Однако вернемся к бывшей ученице театральной студии, ибо это она рассказала Эдит и протоколисту пресловутую сцену, в которой она, так сказать, подыгрывала д'Артезу. Эдит познакомилась с этой женщиной, когда приезжала в Западный Берлин с отцом. На этот раз Эдит отправилась к ней единственно по желанию протоколиста, который надеялся узнать что-нибудь о д'Артезе. Эдит, надо признать, относилась к этой женщине с предубеждением и по своей воле в жизни бы к ней не пошла, что та со своей стороны подметила и над чем немало потешалась.
– Не бойся, детка, – говорила она, – не отниму я у тебя твоего папочку. Уж нынче-то я, во всяком случае, понимаю что к чему. Да и на меня взгляни. Твой отец остался молодым, а я… Несчастье сохраняет человека молодым, это я часто замечала. Смирись с несчастьем вовремя, и оно от тебя отстанет, а мы, прочие, кто еще гонится за счастьем, изнашиваемся вконец. Вот и нечего тебе бояться!
Женщине этой было, если подсчитать, лет пятьдесят пять – пятьдесят шесть, но выглядела она куда старше. Развалина, как выразилась о ней Эдит.
Звалась она Сибилла Вустер. Видимо, ее девичья фамилия, к которой она вернулась. А может, даже не ее девичья фамилия, а фамилия ее матери.

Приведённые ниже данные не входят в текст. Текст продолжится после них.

(* Let $R>0$ and let $f\colon\mathbb{R}\to(0,\infty)$ be a continuously differentiable convex function. Put $\alpha(t)=\dfrac{tf'(t)-f(t)}{\sqrt{1+f'(t)^2}}$ and $C^+=\{t>0\mid\alpha(t)\ge R\}$. If $t_0\in C^+$, then $\alpha(t)\ge\alpha(t_0)$ for every $t>t_0$; in particular $t\in C^+$ for every $t>t_0$. *)

From Stdlib Require Import Reals.
From Coquelicot Require Import Coquelicot.
Open Scope R_scope.

Definition is_C1 (f : R -> R) : Prop :=
  (forall x, ex_derive f x) /\ (forall x, continuous (Derive f) x).

Definition convex_fun (f : R -> R) : Prop :=
  forall x y l, 0 <= l <= 1 -> f (l * x + (1 - l) * y) <= l * f x + (1 - l) * f y.

Definition alpha (f : R -> R) (t : R) : R :=
  (t * Derive f t - f t) / sqrt (1 + (Derive f t) ^ 2).

Definition Cplus_set (Rad : R) (f : R -> R) (t : R) : Prop :=
  0 < t /\ alpha f t >= Rad.

From Stdlib Require Import Reals Lra.
From Coquelicot Require Import Coquelicot.
Open Scope R_scope.

(* [alpha f t] is the signed distance from the origin to the tangent line of
   the graph of [f] at [t] (positive when the origin lies above it).  For [t > t0], convexity keeps the point
   [(t0, f t0)] above the tangent at [t], so [alpha f t] is at least the
   signed distance to the line of slope [f' t] through [(t0, f t0)]; and as
   [f' t >= f' t0 > 0], rotating that line from slope [f' t0] to [f' t]
   about [(t0, f t0)] only moves it away from the origin. *)

Lemma derive_le_of_right_quotient_le (g : R -> R) (l M : R) :
  is_derive g 0 l -> (forall h, 0 < h <= 1 -> g h - g 0 <= h * M) -> l <= M.
Proof.
  intros Hd Hquot.
  apply is_derive_Reals in Hd.
  apply Rnot_lt_le; intro HMl.
  destruct (Hd (l - M)) as [[delta Hdelta] Hdel]; [lra|]; simpl in Hdel.
  set (h := Rmin 1 (delta / 2)).
  assert (Hh1 : h <= 1) by apply Rmin_l.
  assert (Hhd : h <= delta / 2) by apply Rmin_r.
  assert (Hh0 : 0 < h) by (apply Rmin_pos; lra).
  assert (Hq : - (l - M) < (g (0 + h) - g 0) / h - l).
  { apply Rabs_def2, Hdel; [lra|rewrite Rabs_right; lra]. }
  rewrite Rplus_0_l in Hq.
  assert (Hle : (g h - g 0) / h <= M).
  { apply Rmult_le_reg_r with h; [lra|].
    replace ((g h - g 0) / h * h) with (g h - g 0) by (field; lra).
    rewrite Rmult_comm; apply Hquot; lra. }
  lra.
Qed.

Lemma convex_tangent_le (f : R -> R) (x y l : R) :
  convex_fun f -> is_derive f x l -> f x + l * (y - x) <= f y.
Proof.
  intros hconv Hd.
  set (g := fun h => f (x + h * (y - x))).
  assert (Hg : is_derive g 0 ((y - x) * l)).
  { apply (is_derive_comp f (fun h => x + h * (y - x))).
    - now rewrite Rmult_0_l, Rplus_0_r.
    - auto_derive; [easy|ring]. }
  enough ((y - x) * l <= f y - f x) by lra.
  apply (derive_le_of_right_quotient_le g); [exact Hg|].
  intros h Hh; unfold g.
  rewrite Rmult_0_l, Rplus_0_r.
  pose proof (hconv y x h ltac:(lra)) as Hc.
  replace (h * y + (1 - h) * x) with (x + h * (y - x)) in Hc by ring.
  lra.
Qed.

Lemma convex_derive_le (f : R -> R) (x y l m : R) :
  convex_fun f -> is_derive f x l -> is_derive f y m -> x < y -> l <= m.
Proof.
  intros hconv Hx Hy Hxy.
  pose proof (convex_tangent_le f x y l hconv Hx).
  pose proof (convex_tangent_le f y x m hconv Hy).
  nra.
Qed.

(* Signed distance from the origin to the line of slope [s] through [(a, b)]. *)
Definition line_dist (a b s : R) : R := (a * s - b) / sqrt (1 + s ^ 2).

Lemma alpha_line_dist (f : R -> R) (t : R) :
  alpha f t = line_dist t (f t) (Derive f t).
Proof. reflexivity. Qed.

Lemma sqrt_1_plus_sqr_pos (s : R) : 0 < sqrt (1 + s ^ 2).
Proof. apply sqrt_lt_R0; nra. Qed.

Lemma numerator_pos_of_line_dist_pos (a b s : R) : 0 < line_dist a b s -> 0 < a * s - b.
Proof.
  intro H.
  pose proof (sqrt_1_plus_sqr_pos s) as Hs.
  replace (a * s - b) with (line_dist a b s * sqrt (1 + s ^ 2))
    by (unfold line_dist; field; lra).
  now apply Rmult_lt_0_compat.
Qed.

Lemma line_dist_le_intercept (a b a' b' s : R) :
  a * s - b <= a' * s - b' -> line_dist a b s <= line_dist a' b' s.
Proof.
  intro H; unfold line_dist, Rdiv.
  apply Rmult_le_compat_r; [|exact H].
  left; apply Rinv_0_lt_compat, sqrt_1_plus_sqr_pos.
Qed.

Lemma line_dist_le_slope (a b q p : R) :
  0 <= a -> 0 <= b -> 0 <= q <= p -> 0 <= a * q - b ->
  line_dist a b q <= line_dist a b p.
Proof.
  intros Ha Hb Hqp Hq; unfold line_dist.
  pose proof (sqrt_1_plus_sqr_pos q) as Sq.
  pose proof (sqrt_1_plus_sqr_pos p) as Sp.
  set (u := a * q - b) in *; set (v := a * p - b).
  assert (Huv : u <= v) by (unfold u, v; nra).
  assert (Hsq : (u * sqrt (1 + p ^ 2))² <= (v * sqrt (1 + q ^ 2))²).
  { rewrite !Rsqr_mult, !Rsqr_sqrt by nra.
    replace (v² * (1 + q ^ 2)) with
      (u² * (1 + p ^ 2) + (p - q) * (v * (a + b * q) + u * (a + b * p)))
      by (unfold u, v, Rsqr; ring).
    assert (0 <= v * (a + b * q) + u * (a + b * p))
      by (apply Rplus_le_le_0_compat; apply Rmult_le_pos; nra).
    nra. }
  apply Rsqr_incr_0_var in Hsq; [|nra].
  apply Rmult_le_reg_r with (sqrt (1 + q ^ 2) * sqrt (1 + p ^ 2)); [nra|].
  replace (u / sqrt (1 + q ^ 2) * (sqrt (1 + q ^ 2) * sqrt (1 + p ^ 2)))
    with (u * sqrt (1 + p ^ 2)) by (field; lra).
  replace (v / sqrt (1 + p ^ 2) * (sqrt (1 + q ^ 2) * sqrt (1 + p ^ 2)))
    with (v * sqrt (1 + q ^ 2)) by (field; lra).
  exact Hsq.
Qed.

Theorem lemma3 (Rad : R) (f : R -> R)
  (hR : 0 < Rad) (hpos : forall x, 0 < f x) (hC1 : is_C1 f) (hconv : convex_fun f)
  (t0 : R) (ht0 : Cplus_set Rad f t0) :
  forall t, t > t0 -> alpha f t >= alpha f t0 /\ Cplus_set Rad f t.
Proof.
  intros t Ht.
  destruct hC1 as [hdf _], ht0 as [Ht0 HR0].
  assert (D : forall z, is_derive f z (Derive f z))
    by (intro z; apply Derive_correct, hdf).
  set (p := Derive f t); set (q := Derive f t0).
  assert (Hqp : q <= p) by (apply (convex_derive_le f t0 t); auto; lra).
  assert (Hint : t0 * p - f t0 <= t * p - f t).
  { pose proof (convex_tangent_le f t t0 p hconv (D t)); lra. }
  assert (Hnum : 0 < t0 * q - f t0) by (apply numerator_pos_of_line_dist_pos; change (0 < alpha f t0); lra).
  assert (Hq : 0 < q) by (pose proof (hpos t0); nra).
  assert (Hmono : alpha f t0 <= alpha f t).
  { rewrite !alpha_line_dist; fold p q.
    apply Rle_trans with (line_dist t0 (f t0) p).
    - apply line_dist_le_slope; try lra; apply Rlt_le, hpos.
    - now apply line_dist_le_intercept. }
  repeat split; lra.
Qed.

Ламбер был, конечно, знаком с ней еще с прежних времен; можно предположить, что они и после войны встречались раз или два, когда д'Артезу удавалось подбить его на поездку в Берлин. Вряд ли чаще, Ламбер был тяжел на подъем. Как бы там ни было, прозвище «женщина в окне» изобрел, видимо, Ламбер в один из таких приездов. Д'Артезу, который это прозвище принял, оно, надо полагать, вряд ли пришло бы в голову. Да и к тому же у окна своей комнаты в бельэтаже на углу Ранкештрассе и Аугсбургерштрассе Сибилла Вустер засела только через год или два по окончании войны, во время военной сумятицы судьба забросила ее во Фрейлассинг. За углом, на Ранкештрассе, возможно, даже в подвале ее дома открылось кабаре, где д'Артез иной раз выступал, хоть и редко, и больше из любезности, чтобы помочь владельцам. Там, считал он, злоупотребляют политикой.
– Или актуальностью? – сказала Эдит. – Зрители хохочут над остротами, а меняться ничего не меняется. В этом папа участвовать не желал. Одно огорчение, говорил он. Так всегда получается с актуальностью, как он это называет. Ходишь вокруг да около правды, только этой шайке жизнь облегчаешь.
До прозвища «женщина в окне» Ламбер тоже не сам додумался, ему случайно вспомнилась статья, вышедшая в одном из научных институтов. Оттиск этот, изрядно выцветший, он захватил домой из библиотеки, чтобы показать протоколисту. И верно, под основным заглавием был греческими литерами мелким шрифтом набран подзаголовок: «Эссе о женщине в окне». Стало быть, совсем не потому, как можно было бы предположить, пришло Ламберу в голову это прозвище, что сам он имел обыкновение ночами стоять у окна, да еще со своим манекеном.
В статье шла речь о давнишних изысканиях по декоративно-прикладному искусству стран Передней Азии первого тысячелетия до н. э. и его предполагаемому значению. Статье были приданы многочисленные ученые примечания. Для пояснения мифологических мотивов приводилась даже история Иезавели из Ветхого завета. По сути дела, автор, археолог, исследовал происхождение древней легенды, сохранившейся, хоть и в измененном виде, вплоть до времен позднего Рима. Несмотря на сухость изложения, факты, якобы приведшие к возникновению легенды, воспринимались достаточно живо.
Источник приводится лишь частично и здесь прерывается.